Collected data

________________________________________

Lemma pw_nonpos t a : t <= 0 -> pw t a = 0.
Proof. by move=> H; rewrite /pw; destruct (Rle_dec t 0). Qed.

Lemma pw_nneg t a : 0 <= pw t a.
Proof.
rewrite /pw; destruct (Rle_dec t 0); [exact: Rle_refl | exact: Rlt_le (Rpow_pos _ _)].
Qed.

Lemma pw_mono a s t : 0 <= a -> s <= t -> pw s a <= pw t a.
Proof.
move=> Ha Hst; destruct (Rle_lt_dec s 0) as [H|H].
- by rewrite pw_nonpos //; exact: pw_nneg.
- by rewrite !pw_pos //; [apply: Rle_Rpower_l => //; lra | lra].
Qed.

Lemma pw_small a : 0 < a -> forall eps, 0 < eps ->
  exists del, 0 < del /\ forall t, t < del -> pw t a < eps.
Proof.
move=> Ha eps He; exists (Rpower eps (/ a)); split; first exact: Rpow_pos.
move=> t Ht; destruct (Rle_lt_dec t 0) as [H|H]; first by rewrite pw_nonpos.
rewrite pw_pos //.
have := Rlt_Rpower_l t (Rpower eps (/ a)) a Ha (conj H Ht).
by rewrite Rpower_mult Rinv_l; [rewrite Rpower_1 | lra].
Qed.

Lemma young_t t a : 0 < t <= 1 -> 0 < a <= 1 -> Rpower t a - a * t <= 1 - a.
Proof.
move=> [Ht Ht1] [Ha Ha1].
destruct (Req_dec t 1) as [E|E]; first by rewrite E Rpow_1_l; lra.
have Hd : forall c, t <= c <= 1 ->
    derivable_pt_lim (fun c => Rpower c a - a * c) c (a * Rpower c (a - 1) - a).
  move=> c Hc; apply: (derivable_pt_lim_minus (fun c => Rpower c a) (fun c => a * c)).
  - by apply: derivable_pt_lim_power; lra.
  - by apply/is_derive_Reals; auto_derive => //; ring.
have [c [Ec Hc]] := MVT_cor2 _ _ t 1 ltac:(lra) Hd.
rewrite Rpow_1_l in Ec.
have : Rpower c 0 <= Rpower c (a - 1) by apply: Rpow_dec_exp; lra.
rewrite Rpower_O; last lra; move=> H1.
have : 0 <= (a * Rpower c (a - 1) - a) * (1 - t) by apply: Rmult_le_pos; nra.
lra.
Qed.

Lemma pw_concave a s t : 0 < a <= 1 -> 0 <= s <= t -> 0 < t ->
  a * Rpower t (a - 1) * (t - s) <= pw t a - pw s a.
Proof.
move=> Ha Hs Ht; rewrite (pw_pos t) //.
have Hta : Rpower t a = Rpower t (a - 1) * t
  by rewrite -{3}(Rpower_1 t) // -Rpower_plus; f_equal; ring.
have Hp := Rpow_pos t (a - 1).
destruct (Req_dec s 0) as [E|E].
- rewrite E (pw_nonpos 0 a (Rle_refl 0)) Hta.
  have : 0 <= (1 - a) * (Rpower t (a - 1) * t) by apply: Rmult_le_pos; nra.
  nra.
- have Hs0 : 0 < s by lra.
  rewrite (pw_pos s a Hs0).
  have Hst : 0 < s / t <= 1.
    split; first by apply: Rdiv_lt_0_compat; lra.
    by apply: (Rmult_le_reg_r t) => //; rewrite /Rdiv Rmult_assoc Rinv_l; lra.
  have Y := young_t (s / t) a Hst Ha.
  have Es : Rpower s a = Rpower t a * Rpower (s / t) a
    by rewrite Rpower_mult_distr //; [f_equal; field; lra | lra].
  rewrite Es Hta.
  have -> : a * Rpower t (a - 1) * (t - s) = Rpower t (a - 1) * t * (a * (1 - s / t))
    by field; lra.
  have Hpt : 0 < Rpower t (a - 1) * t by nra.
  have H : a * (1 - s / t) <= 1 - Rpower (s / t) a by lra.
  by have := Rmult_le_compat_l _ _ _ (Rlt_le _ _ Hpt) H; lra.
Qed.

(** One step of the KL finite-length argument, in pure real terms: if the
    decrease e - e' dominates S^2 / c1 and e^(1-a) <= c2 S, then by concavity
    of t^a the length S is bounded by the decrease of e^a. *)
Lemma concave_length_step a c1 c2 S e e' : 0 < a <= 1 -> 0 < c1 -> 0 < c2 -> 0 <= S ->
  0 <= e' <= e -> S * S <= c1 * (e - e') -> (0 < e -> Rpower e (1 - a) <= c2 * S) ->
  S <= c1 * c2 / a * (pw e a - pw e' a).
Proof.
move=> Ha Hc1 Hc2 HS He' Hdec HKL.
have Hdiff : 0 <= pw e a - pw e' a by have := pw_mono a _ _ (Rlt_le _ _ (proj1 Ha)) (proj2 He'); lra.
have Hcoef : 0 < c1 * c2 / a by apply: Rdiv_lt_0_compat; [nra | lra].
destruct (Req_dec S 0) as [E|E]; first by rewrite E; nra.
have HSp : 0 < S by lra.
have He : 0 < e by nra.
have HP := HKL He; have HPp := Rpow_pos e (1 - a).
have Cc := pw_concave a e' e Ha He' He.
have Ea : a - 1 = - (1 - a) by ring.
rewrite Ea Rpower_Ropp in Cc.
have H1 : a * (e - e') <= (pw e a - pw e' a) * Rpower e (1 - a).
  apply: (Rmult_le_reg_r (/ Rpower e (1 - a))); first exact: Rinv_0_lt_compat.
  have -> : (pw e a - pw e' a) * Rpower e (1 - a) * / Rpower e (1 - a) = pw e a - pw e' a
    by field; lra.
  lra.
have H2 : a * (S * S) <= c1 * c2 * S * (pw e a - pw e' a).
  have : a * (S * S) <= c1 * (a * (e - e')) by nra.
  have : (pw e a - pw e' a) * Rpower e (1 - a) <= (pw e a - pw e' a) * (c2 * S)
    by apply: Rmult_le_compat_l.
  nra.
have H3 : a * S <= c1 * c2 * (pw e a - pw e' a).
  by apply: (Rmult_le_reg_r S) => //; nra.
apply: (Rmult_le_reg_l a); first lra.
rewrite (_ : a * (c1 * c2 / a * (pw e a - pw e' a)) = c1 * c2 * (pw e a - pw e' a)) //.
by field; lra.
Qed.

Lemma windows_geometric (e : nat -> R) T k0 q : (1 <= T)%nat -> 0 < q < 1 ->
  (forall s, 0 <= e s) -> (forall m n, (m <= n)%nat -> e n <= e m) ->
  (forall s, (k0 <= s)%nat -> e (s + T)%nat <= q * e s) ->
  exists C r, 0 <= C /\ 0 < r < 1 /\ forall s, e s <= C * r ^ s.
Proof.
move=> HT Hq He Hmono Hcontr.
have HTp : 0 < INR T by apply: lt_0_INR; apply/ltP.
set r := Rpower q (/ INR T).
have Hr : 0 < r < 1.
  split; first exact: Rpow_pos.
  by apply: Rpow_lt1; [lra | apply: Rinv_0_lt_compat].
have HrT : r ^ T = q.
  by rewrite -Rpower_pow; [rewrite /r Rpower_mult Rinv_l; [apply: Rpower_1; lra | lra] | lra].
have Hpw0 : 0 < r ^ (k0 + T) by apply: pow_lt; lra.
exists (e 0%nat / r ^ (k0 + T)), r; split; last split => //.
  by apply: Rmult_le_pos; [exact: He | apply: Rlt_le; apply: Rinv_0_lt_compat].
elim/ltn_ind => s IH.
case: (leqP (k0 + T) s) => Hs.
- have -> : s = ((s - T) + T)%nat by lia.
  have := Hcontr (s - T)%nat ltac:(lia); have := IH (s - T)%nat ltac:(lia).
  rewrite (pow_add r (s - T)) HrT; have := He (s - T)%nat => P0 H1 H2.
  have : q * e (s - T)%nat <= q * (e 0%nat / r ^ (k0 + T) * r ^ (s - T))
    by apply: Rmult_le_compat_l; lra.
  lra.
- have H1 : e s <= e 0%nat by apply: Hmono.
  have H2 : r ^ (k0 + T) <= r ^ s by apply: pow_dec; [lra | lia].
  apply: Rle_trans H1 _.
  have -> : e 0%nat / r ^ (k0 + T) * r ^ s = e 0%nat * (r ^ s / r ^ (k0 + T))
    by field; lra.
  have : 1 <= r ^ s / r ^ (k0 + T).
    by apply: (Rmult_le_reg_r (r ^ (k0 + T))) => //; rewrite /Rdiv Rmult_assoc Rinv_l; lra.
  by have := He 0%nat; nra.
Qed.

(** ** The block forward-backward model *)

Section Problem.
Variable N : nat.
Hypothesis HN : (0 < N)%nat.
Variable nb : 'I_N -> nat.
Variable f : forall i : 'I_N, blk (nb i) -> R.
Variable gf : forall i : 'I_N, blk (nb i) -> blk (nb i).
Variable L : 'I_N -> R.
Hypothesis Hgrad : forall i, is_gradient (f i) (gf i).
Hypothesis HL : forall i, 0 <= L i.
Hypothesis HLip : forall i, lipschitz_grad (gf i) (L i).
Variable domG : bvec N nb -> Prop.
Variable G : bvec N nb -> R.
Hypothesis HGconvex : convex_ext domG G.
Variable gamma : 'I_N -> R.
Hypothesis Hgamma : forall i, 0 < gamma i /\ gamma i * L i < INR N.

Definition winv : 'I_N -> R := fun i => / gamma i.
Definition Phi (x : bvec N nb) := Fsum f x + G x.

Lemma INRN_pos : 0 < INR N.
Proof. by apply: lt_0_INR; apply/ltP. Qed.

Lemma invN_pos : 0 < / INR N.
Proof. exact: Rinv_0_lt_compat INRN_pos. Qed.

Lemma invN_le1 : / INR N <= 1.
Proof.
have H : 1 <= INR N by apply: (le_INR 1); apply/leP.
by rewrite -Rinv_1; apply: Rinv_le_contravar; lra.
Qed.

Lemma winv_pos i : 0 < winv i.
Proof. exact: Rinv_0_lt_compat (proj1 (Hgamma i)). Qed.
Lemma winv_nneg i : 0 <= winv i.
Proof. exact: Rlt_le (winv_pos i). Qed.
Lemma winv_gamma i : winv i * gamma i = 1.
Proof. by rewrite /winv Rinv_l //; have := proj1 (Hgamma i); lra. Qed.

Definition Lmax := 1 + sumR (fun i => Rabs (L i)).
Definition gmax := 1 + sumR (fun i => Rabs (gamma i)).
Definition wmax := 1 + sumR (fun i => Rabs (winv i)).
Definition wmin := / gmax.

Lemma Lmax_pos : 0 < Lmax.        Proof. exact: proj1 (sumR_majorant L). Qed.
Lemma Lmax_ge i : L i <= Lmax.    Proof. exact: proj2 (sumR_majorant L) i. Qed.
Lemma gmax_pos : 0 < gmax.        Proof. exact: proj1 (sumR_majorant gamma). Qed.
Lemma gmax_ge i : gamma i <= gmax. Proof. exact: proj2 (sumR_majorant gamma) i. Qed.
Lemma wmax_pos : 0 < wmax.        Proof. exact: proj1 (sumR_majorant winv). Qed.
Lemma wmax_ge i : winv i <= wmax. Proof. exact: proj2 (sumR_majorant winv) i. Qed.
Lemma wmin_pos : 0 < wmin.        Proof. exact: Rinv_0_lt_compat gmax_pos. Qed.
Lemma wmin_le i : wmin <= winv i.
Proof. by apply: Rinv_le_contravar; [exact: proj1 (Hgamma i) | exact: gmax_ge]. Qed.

________________________________________

Could you restate, word for word, every line from the one containing "Lemma wmin_le i : wmin <= winv i." through the last line of the records above, and nothing more?

Lemma wmin_le i : wmin <= winv i.
Proof. by apply: Rinv_le_contravar; [exact: proj1 (Hgamma i) | exact: gmax_ge]. Qed.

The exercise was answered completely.